An markigen Leitsätzen mangelte es nicht, im März 1970: »Die im Werkkreis Literatur der Arbeitswelt hergestellten Arbeiten wenden sich vor allem an die Werktätigen, aus deren Bewusstwerden über ihre Klassenlage sie entstehen«, hieß es in der damaligen Programmatik. Hervorgegangen war der lose Verbund aus der Dortmunder »Gruppe 61«, die 1961 Fritz Hüser gegründet hatte. Das Ziel? Gleichberechtigung im Literaturbetrieb: »Die Autoren der Dortmunder Gruppe 61 wollen einen Beitrag leisten zur literarischen Gestaltung aller drängenden Fragen und Erscheinungen unserer von Technik und ‚Wohlstand‘ beherrschten Gegenwart«, so der damalige Chef der Dortmunder Stadtbibliothek. Nachdem sich die Gruppe regional konstituiert hatte, stießen weitere Autoren aus der gesamten Bundesrepublik dazu: F.C. Delius aus Hessen, Clas Ewert-Everwyn aus Düsseldorf, Angelika Mechtel und Erika Runge aus München, Günter Wallraff aus Köln und Peter Paul Zahl aus Berlin.

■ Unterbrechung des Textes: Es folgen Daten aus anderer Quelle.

Lemma two_nontrivial_factors {G : Grp} {P : G -> Prop} {Ps : nat -> G -> Prop} {s : nat} :
  torsion_free (@fullset G) -> product_subgroup P -> dprod_fam P Ps s ->
  (forall i, i < s -> ~ virt_prod_inf (Ps i)) ->
  exists a b, a < s /\ b < s /\ a <> b /\ ~ trivial (Ps a) /\ ~ trivial (Ps b).
Proof.
  intros htf (A & B & hnA & hnB & hAB) hPs hnv. pose proof hAB as [_ [_ [_ [hAP _]]]].
  assert (hnt : forall x i, P x -> i < s -> component P Ps s x i <> one -> ~ trivial (Ps i)).
  { intros x i hx hi ne htriv. apply ne, htriv, component_in; auto. }
  assert (exists a, a < s /\ ~ trivial (Ps a)) as (a & ha & hna).
  { apply NNPP. intro hno. apply hnA. intros x hx.
    apply (eq_one_of_components hPs); auto. intros i hi.
    apply NNPP. intro ne. apply hno. exists i. split; eauto. }
  assert (exists b, b < s /\ b <> a /\ ~ trivial (Ps b)) as (b & hb & hba & hnb).
  { apply NNPP. intro hno. apply (hnv a ha).
    apply (dprod2_virt_prod_inf htf hAB hnA hnB (factor_subgroup hPs ha)).
    intro x. split; [apply (factor_sub hPs ha)|intro hx].
    apply (factor_of_components hPs ha hx). intros i hi hia.
    apply NNPP. intro ne. apply hno. exists i. split; [|split]; eauto. }
  exists a, b. auto.
Qed.

Lemma product_subgroup_subgroup {G : Grp} {P : G -> Prop} : product_subgroup P -> is_subgroup P.
Proof. intros (A & B & _ & _ & [hP _]). exact hP. Qed.

Lemma maximal_product_sub_product {G : Grp} {Amb P : G -> Prop} :
  maximal_product_sub Amb P -> product_subgroup P.
Proof. intros (_ & hP & _). exact hP. Qed.

Lemma product_subgroup_finite_index {G : Grp} {P R Q : G -> Prop} :
  torsion_free (@fullset G) -> cond_i (@fullset G) -> cond_iii (@fullset G) ->
  maximal_product_sub fullset P -> product_subgroup R -> finite_index Q P -> sub Q R ->
  finite_index R P.
Proof.
  intros htf hi hiii hP (A & B & hnA & hnB & hAB) hQP hQR. pose proof hAB as [hR _].
  destruct (hi R hR (fun _ _ => I) (dprod2_commens_prod_inf htf hAB hnA hnB))
    as (P' & hP' & hRP').
  assert (hPP' : same_set P P').
  { apply hiii; auto. apply (finite_index_intermediate hQP).
    - apply subgroup_inter; eapply product_subgroup_subgroup, maximal_product_sub_product; eauto.
    - intros x hx. split; [apply hQP|apply hRP', hQR]; auto.
    - intros x []; auto. }
  apply (finite_index_intermediate hQP); auto. intros x hx. apply hPP', hRP', hx.
Qed.

Section Alignment.
Context {G : Grp} {P : G -> Prop} {Ps : nat -> G -> Prop} {s : nat}
  {R : G -> Prop} {Rs : nat -> G -> Prop} {t : nat}.
Hypotheses (htf : torsion_free (@fullset G)) (hPs : dprod_fam P Ps s) (hRs : dprod_fam R Rs t)
  (hRP : finite_index R P) (hVZ : forall g, VZ P g -> g = one).
Local Notation compP := (component P Ps s).
Local Notation compR := (component R Rs t).

Lemma centralises_finite_index_trivial z : P z -> (forall x, R x -> op z x = op x z) -> z = one.
Proof. intros hz hc. apply hVZ. split; auto. exists R. auto. Qed.

Lemma factor_centre_trivial {k z} :
  k < t -> Rs k z -> (forall y, Rs k y -> op z y = op y z) -> z = one.
Proof.
  intros hk hz hc. apply centralises_finite_index_trivial.
  - apply (finite_index_sub hRP), (factor_sub hRs hk hz).
  - intros x hx. symmetry. apply (commute_factor_component hRs hk hz hx).
    symmetry. apply hc, component_in; auto.
Qed.

Lemma factor_centralising_trivial b v :
  b < s -> Ps b v -> (forall y, R y -> Ps b y -> op v y = op y v) -> v = one.
Proof.
  intros hb hv hc. apply hVZ. split; [apply (factor_sub hPs hb hv)|].
  assert (hfac : finite_index (fun y => Ps b y /\ R y) (Ps b)).
  { apply (finite_index_restrict hRP); [apply (factor_subgroup hPs hb)|].
    intros y hy. apply (factor_sub hPs hb hy). }
  eexists. split; [exact (finite_index_component_preimage hPs hb hfac)|].
  intros k [hk [hkb hkR]]. symmetry. apply (commute_factor_component hPs hb hv hk).
  symmetry. apply hc; auto.
Qed.

Lemma not_inf_cyclic_factor j : j < t -> ~ inf_cyclic (Rs j).
Proof.
  intros hj (g & (hRj & hgRj & hgen) & hinf).
  assert (hg : Rs j g) by (apply hgRj; reflexivity).
  assert (g = one) as hg1.
  { apply (factor_centre_trivial hj); auto. intros y hy.
    apply (hgen _ (subgroup_commutant g)); auto. intros x ->. reflexivity. }
  apply hinf. exists [one]. intros y hy. left. symmetry.
  apply (hgen _ subgroup_trivial); auto. intros x ->. exact hg1.
Qed.

Lemma factor_of_commutant j g h : j < t -> Rs j g -> R h ->
  (forall y, P y -> op y g = op g y -> op y h = op h y) -> Rs j h.
Proof.
  intros hj hg hh hcomm. apply (factor_of_components hRs hj hh).
  intros k hk hkj. apply (factor_centre_trivial hk); [apply component_in; auto|].
  intros y hy. symmetry. apply (commute_component hRs (factor_sub hRs hk hy) hh hk).
  apply hcomm; [apply (finite_index_sub hRP), (factor_sub hRs hk hy)|].
  apply (factors_commute hRs k j); auto.
Qed.

Lemma imc_generator_support j gens g a b : j < t -> IMC (Rs j) gens -> gens g ->
  a < s -> b < s -> a <> b -> compP g a = one \/ compP g b = one.
Proof.
  intros hj [[_ [hSRj _]] [_ hmax]] hg ha hb hab.
  apply NNPP. intros [hna hnb]%not_or_and.
  assert (hgRj : Rs j g) by auto.
  assert (hgR : R g) by apply (factor_sub hRs hj hgRj).
  assert (hgP : P g) by apply (finite_index_sub hRP _ hgR).
  set (u := compP g a).
  destruct (finite_index_power hRP (dprod_fam_subgroup hPs)
              (factor_sub hPs ha (component_in hPs hgP ha))) as [n hhR].
  set (h := pw u (S n)) in *.
  assert (hne : h <> one) by (intro E; apply hna, (htf u I n E)).
  assert (hcomm : forall y, P y -> op y g = op g y -> op y h = op h y).
  { intros y hy E. apply pw_commute, (commute_component hPs hy hgP ha E). }
  assert (hhRj : Rs j h) by (apply (factor_of_commutant j g); auto).
  (* C(g) is contained in C(h) inside Rs j, so maximality of C(g) forces equality. *)
  assert (hCh : sub (centraliser (Rs j) h) (centraliser (Rs j) g)).
  { apply NNPP. intro hno. apply hne, (hmax g h hg hhRj). split; auto.
    intros y [hy E]. split; auto.
    apply hcomm; auto. apply (finite_index_sub hRP), (factor_sub hRs hj hy). }
  apply hnb, (factor_centralising_trivial b); [auto|apply component_in; auto|].
  intros y hyR hyb.
  (* y commutes with h, hence so does its Rs j-component, which thus commutes with g. *)
  assert (Eyg : op y g = op g y).
  { apply (commute_factor_component hRs hj hgRj hyR).
    apply hCh. split; [apply component_in; auto|].
    symmetry. apply (commute_component hRs hhR hyR hj), (factors_commute hPs a b); auto.
    apply (subgroup_pw _ (factor_subgroup hPs ha)), component_in; auto. }
  symmetry. apply (commute_component hPs (finite_index_sub hRP _ hyR) hgP hb Eyg).
Qed.

Lemma imc_factor_within_factor j gens : j < t -> IMC (Rs j) gens ->
  (forall y, Rs j y -> y = one) \/ exists i, i < s /\ forall y, Rs j y -> Ps i y.
Proof.
  intros hj hIMC.
  assert (hin : forall g, gens g -> g <> one -> exists i, i < s /\ Ps i g).
  { intros g hg ne. pose proof hIMC as [[_ [hSRj _]] _].
    apply (factor_of_single_support hPs); auto.
    - apply (finite_index_sub hRP), (factor_sub hRs hj), hSRj, hg.
    - intros a b ha hb hab. apply (imc_generator_support j gens); auto. }
  destruct hIMC as [[_ [_ hgen]] [hind _]].
  destruct (classic (forall g, gens g -> g = one)) as [hall|(g0 & hg0)%not_all_ex_not].
  - left. intros y hy. apply (hgen _ subgroup_trivial hall), hy.
  - right. apply imply_to_and in hg0 as [hg0 ne0].
    destruct (hin g0 hg0 ne0) as (i0 & hi0 & hg0i0).
    exists i0. split; auto. apply hgen; [apply (factor_subgroup hPs hi0)|].
    intros g hg. destruct (classic (g = one)) as [->|ne].
    { apply subgroup_one, (factor_subgroup hPs hi0). }
    destruct (classic (g = g0)) as [->|neg0]; auto.
    destruct (hin g hg ne) as (i & hi & hgi). destruct (Nat.eq_dec i i0) as [->|nii0]; auto.
    exfalso. apply (hind g g0 hg hg0 neg0 1 1); auto.
    rewrite !pw_1. apply commute_commutator, (factors_commute hPs i i0); auto.
Qed.

Lemma components_closed :
  (forall j, j < t -> inf_cyclic (Rs j) \/ exists gens, IMC (Rs j) gens) ->
  forall x i, R x -> i < s -> R (compP x i).
Proof.
  intros hfac x i hx hi. pose proof (dprod_fam_subgroup hRs) as hR.
  assert (hfac_i : forall j y, j < t -> Rs j y -> R (compP y i)).
  { intros j y hj hy. destruct (hfac j hj) as [hcyc|[gens hgens]].
    { exfalso. exact (not_inf_cyclic_factor j hj hcyc). }
    destruct (imc_factor_within_factor j gens hj hgens) as [htriv|(i0 & hi0 & hsub)].
    - rewrite (htriv y hy), (component_one hPs hi). apply subgroup_one; auto.
    - destruct (Nat.eq_dec i i0) as [->|ne].
      + rewrite (component_factor_self hPs hi0 (hsub y hy)). apply (factor_sub hRs hj hy).
      + rewrite (component_factor_other hPs hi0 (hsub y hy) hi ne). apply subgroup_one; auto. }
  rewrite (prodl_component hRs hx), (component_prodl hPs hi).
  - apply prodl_in; auto. intros k hk. apply (hfac_i k); auto. apply component_in; auto.
  - intros k hk. apply (finite_index_sub hRP), (factor_sub hRs hk), component_in; auto.
Qed.

End Alignment.

Theorem proposition5p2 (G : Grp) (G1 : G -> Prop)
  (hG1 : finite_index G1 (@fullset G))
  (htf2 : torsion_free (@fullset G)) (htf1 : torsion_free G1)
  (hi1 : cond_i G1) (hi2 : cond_i (@fullset G))
  (hii : cond_ii G1)
  (hiii : cond_iii (@fullset G))
  (hiv : almost_stable_centralisers (@fullset G))
  (P : G -> Prop) (Ps : nat -> G -> Prop) (s : nat)
  (hP : maximal_product_sub (@fullset G) P)
  (hPs : dprod_fam P Ps s)
  (hVZ : forall g, VZ P g -> g = one)
  (hnv : forall i, i < s -> ~ virt_prod_inf (Ps i)) :
  exists (R : G -> Prop) (Rs : nat -> G -> Prop),
    maximal_product_sub G1 R /\ dprod_fam R Rs s /\
    forall i, i < s -> finite_index (Rs i) (Ps i).
Proof.
  destruct (two_nontrivial_factors htf2 (maximal_product_sub_product hP) hPs hnv)
    as (a & b & ha & hb & hab & hna & hnb).
  pose proof (finite_index_subgroup hG1) as hG1g.
  set (Q := components_in P Ps s G1 s).
  assert (hQP : finite_index Q P) by (apply (components_in_finite_index hPs hG1g); auto).
  assert (hQG1 : sub Q G1) by apply (components_in_sub hPs hG1g).
  destruct (hi1 Q (finite_index_subgroup hQP) hQG1
              (components_in_commens_prod_inf hPs hG1g a b htf2 hG1 ha hb hab hna hnb))
    as (R & hR & hQR).
  assert (hRP : finite_index R P)
    by apply (product_subgroup_finite_index htf2 hi2 hiii hP
                (maximal_product_sub_product hR) hQP hQR).
  destruct (hii R hR) as (t & Rs & hRs & hfac).
  exists R, (fun i x => R x /\ Ps i x). split; [exact hR|split].
  - apply (dprod_fam_restrict hPs (finite_index_subgroup hRP) (finite_index_sub hRP)).
    apply (components_closed htf2 hPs hRs hRP hVZ hfac).
  - intros i hi.
    exact (finite_index_factor_meet hPs hG1g R i hG1 (finite_index_subgroup hRP) hQR hi).
Qed.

Günter Wallrafs Industriereportagen
Die Autoren waren allerdings nicht nur literarisch ambitioniert, wie Günter Wallraffs Industriereportagen »Wir brauchen Dich« 1966 und Erika Runges »Bottroper Protokolle« 1968 zeigten. Diese Erfolge beschleunigten eher den Zerfall der Gruppe, weil etwa Runge und Wallraff mit Literatur politisch wirken wollten. Zugleich gerieten neue Themen in den Literaturbetrieb – was eine neue literarische Marke auf dem Markt platzierte und für diese Marke warb.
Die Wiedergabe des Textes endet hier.